[[ GIVEN ENTRIES open ]]

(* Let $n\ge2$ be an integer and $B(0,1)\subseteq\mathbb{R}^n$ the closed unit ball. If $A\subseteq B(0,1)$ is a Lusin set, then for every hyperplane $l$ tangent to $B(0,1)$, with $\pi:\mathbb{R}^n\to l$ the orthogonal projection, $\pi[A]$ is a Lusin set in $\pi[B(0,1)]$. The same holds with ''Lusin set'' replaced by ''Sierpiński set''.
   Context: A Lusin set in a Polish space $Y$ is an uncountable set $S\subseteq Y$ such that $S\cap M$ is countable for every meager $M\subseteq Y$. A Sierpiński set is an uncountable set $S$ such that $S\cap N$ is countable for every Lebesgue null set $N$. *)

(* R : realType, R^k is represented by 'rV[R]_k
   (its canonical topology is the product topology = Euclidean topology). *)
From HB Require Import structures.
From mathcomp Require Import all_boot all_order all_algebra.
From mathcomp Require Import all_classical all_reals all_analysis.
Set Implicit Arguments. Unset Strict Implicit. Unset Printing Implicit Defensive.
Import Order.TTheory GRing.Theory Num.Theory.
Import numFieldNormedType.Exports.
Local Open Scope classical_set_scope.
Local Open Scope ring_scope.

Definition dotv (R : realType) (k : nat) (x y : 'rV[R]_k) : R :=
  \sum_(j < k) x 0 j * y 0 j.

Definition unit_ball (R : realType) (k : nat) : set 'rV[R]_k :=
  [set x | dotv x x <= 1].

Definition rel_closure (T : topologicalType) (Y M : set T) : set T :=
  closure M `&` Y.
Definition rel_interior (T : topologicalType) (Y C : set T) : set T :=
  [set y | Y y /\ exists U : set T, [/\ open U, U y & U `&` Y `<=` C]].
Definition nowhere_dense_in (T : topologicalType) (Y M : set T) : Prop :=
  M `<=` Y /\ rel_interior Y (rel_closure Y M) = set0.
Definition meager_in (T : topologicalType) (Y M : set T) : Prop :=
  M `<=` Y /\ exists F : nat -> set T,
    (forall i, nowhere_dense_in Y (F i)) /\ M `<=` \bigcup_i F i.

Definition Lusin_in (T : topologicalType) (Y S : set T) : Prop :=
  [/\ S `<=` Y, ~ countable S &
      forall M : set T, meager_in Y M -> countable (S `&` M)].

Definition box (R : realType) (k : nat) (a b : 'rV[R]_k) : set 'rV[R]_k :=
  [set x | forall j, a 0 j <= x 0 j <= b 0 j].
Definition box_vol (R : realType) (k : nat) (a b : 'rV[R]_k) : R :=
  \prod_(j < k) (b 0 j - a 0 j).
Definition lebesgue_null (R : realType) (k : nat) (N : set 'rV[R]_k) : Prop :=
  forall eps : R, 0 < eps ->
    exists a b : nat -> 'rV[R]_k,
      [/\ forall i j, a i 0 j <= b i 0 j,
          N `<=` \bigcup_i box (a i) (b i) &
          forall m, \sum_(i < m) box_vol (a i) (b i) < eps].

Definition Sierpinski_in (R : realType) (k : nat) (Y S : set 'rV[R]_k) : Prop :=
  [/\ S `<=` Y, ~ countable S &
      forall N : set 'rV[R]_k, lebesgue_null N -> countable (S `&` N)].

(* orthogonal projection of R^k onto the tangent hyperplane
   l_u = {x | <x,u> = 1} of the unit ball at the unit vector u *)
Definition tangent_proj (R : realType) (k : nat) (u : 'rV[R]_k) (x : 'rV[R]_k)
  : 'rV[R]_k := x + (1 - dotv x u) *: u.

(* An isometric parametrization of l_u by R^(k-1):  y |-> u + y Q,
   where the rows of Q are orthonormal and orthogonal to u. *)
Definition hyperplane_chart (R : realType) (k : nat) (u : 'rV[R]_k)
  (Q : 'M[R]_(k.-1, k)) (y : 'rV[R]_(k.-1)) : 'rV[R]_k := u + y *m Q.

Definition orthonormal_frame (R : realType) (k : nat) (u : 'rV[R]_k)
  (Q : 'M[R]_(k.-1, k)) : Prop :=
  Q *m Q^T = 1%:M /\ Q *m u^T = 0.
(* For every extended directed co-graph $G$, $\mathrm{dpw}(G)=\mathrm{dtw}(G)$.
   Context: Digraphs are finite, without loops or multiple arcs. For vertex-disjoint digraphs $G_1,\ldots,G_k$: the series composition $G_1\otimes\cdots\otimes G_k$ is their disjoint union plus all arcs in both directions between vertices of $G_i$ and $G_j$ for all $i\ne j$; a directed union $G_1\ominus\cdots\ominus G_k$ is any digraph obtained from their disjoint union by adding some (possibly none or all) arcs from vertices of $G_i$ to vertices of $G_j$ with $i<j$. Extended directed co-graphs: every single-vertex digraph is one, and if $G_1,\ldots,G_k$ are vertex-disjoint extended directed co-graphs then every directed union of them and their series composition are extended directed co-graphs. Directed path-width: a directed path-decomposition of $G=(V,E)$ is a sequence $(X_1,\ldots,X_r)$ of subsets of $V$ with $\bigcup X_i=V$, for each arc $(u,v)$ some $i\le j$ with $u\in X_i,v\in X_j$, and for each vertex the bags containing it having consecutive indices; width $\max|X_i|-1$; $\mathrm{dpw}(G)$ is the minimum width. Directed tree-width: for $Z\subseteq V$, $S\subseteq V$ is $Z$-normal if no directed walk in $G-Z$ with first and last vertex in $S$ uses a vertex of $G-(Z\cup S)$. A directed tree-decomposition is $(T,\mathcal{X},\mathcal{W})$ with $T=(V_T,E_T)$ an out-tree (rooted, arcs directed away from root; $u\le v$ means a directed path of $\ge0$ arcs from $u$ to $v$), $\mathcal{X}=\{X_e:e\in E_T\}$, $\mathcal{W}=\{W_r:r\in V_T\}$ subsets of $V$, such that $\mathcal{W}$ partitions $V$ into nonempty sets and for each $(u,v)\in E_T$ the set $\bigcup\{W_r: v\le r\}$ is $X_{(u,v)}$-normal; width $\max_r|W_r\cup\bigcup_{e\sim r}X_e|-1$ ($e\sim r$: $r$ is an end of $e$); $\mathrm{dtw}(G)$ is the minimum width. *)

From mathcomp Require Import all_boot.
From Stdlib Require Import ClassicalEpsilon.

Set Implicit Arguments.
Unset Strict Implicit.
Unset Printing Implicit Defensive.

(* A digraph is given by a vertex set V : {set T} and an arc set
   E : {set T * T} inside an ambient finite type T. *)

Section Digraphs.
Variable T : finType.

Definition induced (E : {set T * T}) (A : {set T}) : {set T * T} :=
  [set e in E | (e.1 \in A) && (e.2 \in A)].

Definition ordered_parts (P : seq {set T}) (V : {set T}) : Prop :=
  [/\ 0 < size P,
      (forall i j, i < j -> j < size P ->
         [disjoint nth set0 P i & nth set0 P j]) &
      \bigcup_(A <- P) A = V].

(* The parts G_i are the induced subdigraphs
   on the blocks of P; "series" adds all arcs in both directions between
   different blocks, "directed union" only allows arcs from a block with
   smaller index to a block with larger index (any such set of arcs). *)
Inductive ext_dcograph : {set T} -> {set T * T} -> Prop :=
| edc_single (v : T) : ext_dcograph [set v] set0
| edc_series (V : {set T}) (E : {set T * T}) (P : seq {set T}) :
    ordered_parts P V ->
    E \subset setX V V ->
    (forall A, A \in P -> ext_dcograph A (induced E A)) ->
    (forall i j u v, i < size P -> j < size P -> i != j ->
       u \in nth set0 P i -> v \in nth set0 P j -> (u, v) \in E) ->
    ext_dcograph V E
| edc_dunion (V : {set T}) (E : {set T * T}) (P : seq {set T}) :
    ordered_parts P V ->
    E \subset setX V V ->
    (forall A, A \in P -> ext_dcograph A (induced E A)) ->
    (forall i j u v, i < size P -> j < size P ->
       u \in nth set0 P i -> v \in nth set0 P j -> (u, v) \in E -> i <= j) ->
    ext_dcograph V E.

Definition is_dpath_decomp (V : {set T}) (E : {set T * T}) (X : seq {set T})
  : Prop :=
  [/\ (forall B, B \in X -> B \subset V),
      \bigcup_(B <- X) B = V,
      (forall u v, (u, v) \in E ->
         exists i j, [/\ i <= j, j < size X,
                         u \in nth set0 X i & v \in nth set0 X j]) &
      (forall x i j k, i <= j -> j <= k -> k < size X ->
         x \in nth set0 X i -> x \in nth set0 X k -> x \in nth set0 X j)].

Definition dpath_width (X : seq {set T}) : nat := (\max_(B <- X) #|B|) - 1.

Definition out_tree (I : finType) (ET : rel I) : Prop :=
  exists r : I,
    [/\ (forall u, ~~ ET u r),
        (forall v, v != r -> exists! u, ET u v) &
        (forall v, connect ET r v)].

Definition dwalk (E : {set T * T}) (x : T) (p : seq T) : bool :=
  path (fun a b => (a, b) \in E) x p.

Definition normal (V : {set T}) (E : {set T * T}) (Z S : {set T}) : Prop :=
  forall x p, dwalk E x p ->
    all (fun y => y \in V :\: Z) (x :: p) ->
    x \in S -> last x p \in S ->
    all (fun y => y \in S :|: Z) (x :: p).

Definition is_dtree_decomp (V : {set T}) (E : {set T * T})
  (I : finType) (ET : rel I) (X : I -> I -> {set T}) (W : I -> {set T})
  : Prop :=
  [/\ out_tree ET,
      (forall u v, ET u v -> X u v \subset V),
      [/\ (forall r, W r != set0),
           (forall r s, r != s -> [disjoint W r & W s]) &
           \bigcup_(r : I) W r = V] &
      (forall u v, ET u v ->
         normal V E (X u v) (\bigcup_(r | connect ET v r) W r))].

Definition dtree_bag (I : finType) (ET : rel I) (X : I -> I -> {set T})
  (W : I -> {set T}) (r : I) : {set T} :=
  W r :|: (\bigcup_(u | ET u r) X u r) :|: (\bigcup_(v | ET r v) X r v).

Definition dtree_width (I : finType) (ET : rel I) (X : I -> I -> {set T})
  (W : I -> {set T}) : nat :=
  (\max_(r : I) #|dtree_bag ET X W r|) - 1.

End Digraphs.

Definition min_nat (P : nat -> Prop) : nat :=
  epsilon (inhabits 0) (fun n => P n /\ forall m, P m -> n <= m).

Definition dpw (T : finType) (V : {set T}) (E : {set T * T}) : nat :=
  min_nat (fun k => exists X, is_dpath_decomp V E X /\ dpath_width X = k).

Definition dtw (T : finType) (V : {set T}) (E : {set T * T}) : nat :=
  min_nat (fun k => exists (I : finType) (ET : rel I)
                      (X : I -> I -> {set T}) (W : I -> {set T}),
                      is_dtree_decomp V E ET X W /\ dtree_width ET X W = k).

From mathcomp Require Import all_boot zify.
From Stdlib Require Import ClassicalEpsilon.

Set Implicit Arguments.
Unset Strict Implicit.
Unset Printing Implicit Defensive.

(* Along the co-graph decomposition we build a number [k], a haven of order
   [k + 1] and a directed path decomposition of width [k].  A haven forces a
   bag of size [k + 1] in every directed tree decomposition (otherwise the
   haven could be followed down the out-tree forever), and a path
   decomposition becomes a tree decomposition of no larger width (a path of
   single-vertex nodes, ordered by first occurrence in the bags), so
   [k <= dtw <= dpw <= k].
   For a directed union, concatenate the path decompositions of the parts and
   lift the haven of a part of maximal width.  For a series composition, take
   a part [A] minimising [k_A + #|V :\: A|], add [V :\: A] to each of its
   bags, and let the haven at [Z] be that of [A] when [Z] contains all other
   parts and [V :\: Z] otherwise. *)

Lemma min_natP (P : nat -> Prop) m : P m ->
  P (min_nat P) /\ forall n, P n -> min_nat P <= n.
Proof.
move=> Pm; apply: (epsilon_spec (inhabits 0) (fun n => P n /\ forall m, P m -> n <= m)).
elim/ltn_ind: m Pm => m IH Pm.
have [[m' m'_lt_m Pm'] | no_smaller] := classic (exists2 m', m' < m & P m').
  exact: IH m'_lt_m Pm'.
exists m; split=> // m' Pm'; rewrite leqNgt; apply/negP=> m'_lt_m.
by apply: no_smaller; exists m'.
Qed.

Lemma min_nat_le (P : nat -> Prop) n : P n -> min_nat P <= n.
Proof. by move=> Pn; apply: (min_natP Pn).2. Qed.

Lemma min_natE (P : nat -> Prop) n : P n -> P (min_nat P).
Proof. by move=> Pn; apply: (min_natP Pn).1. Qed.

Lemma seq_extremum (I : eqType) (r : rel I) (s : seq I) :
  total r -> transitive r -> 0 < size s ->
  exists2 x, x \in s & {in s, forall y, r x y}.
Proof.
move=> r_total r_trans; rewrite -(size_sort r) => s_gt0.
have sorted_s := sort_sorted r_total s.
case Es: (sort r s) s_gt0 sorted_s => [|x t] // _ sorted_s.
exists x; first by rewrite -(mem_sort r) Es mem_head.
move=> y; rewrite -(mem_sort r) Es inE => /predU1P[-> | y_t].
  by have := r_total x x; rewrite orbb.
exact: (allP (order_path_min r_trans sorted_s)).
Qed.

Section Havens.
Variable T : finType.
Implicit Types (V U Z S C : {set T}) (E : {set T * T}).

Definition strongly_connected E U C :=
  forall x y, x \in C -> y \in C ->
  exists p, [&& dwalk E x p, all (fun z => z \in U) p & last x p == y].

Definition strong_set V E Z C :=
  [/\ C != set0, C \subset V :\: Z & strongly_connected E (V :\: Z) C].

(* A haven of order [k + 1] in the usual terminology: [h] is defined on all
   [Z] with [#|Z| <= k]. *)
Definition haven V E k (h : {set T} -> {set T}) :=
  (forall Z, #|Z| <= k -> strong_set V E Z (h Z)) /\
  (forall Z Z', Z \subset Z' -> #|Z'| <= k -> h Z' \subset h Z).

[[ GIVEN ENTRIES closed ]]

• _WHAT YOU WILL DO_: Set down, exactly as they appear above, all lines from the one that has "[set e in E | (e.1 \in A) && (e.2 \in A)]." down to the one that has "u \in nth set0 X", including those two and no others.

• _EXERCISE RESPONSE_:
  [set e in E | (e.1 \in A) && (e.2 \in A)].

Definition ordered_parts (P : seq {set T}) (V : {set T}) : Prop :=
  [/\ 0 < size P,
      (forall i j, i < j -> j < size P ->
         [disjoint nth set0 P i & nth set0 P j]) &
      \bigcup_(A <- P) A = V].

(* The parts G_i are the induced subdigraphs
   on the blocks of P; "series" adds all arcs in both directions between
   different blocks, "directed union" only allows arcs from a block with
   smaller index to a block with larger index (any such set of arcs). *)
Inductive ext_dcograph : {set T} -> {set T * T} -> Prop :=
| edc_single (v : T) : ext_dcograph [set v] set0
| edc_series (V : {set T}) (E : {set T * T}) (P : seq {set T}) :
    ordered_parts P V ->
    E \subset setX V V ->
    (forall A, A \in P -> ext_dcograph A (induced E A)) ->
    (forall i j u v, i < size P -> j < size P -> i != j ->
       u \in nth set0 P i -> v \in nth set0 P j -> (u, v) \in E) ->
    ext_dcograph V E
| edc_dunion (V : {set T}) (E : {set T * T}) (P : seq {set T}) :
    ordered_parts P V ->
    E \subset setX V V ->
    (forall A, A \in P -> ext_dcograph A (induced E A)) ->
    (forall i j u v, i < size P -> j < size P ->
       u \in nth set0 P i -> v \in nth set0 P j -> (u, v) \in E -> i <= j) ->
    ext_dcograph V E.

Definition is_dpath_decomp (V : {set T}) (E : {set T * T}) (X : seq {set T})
  : Prop :=
  [/\ (forall B, B \in X -> B \subset V),
      \bigcup_(B <- X) B = V,
      (forall u v, (u, v) \in E ->
         exists i j, [/\ i <= j, j < size X,
                         u \in nth set0 X i & v \in nth set0 X j]) &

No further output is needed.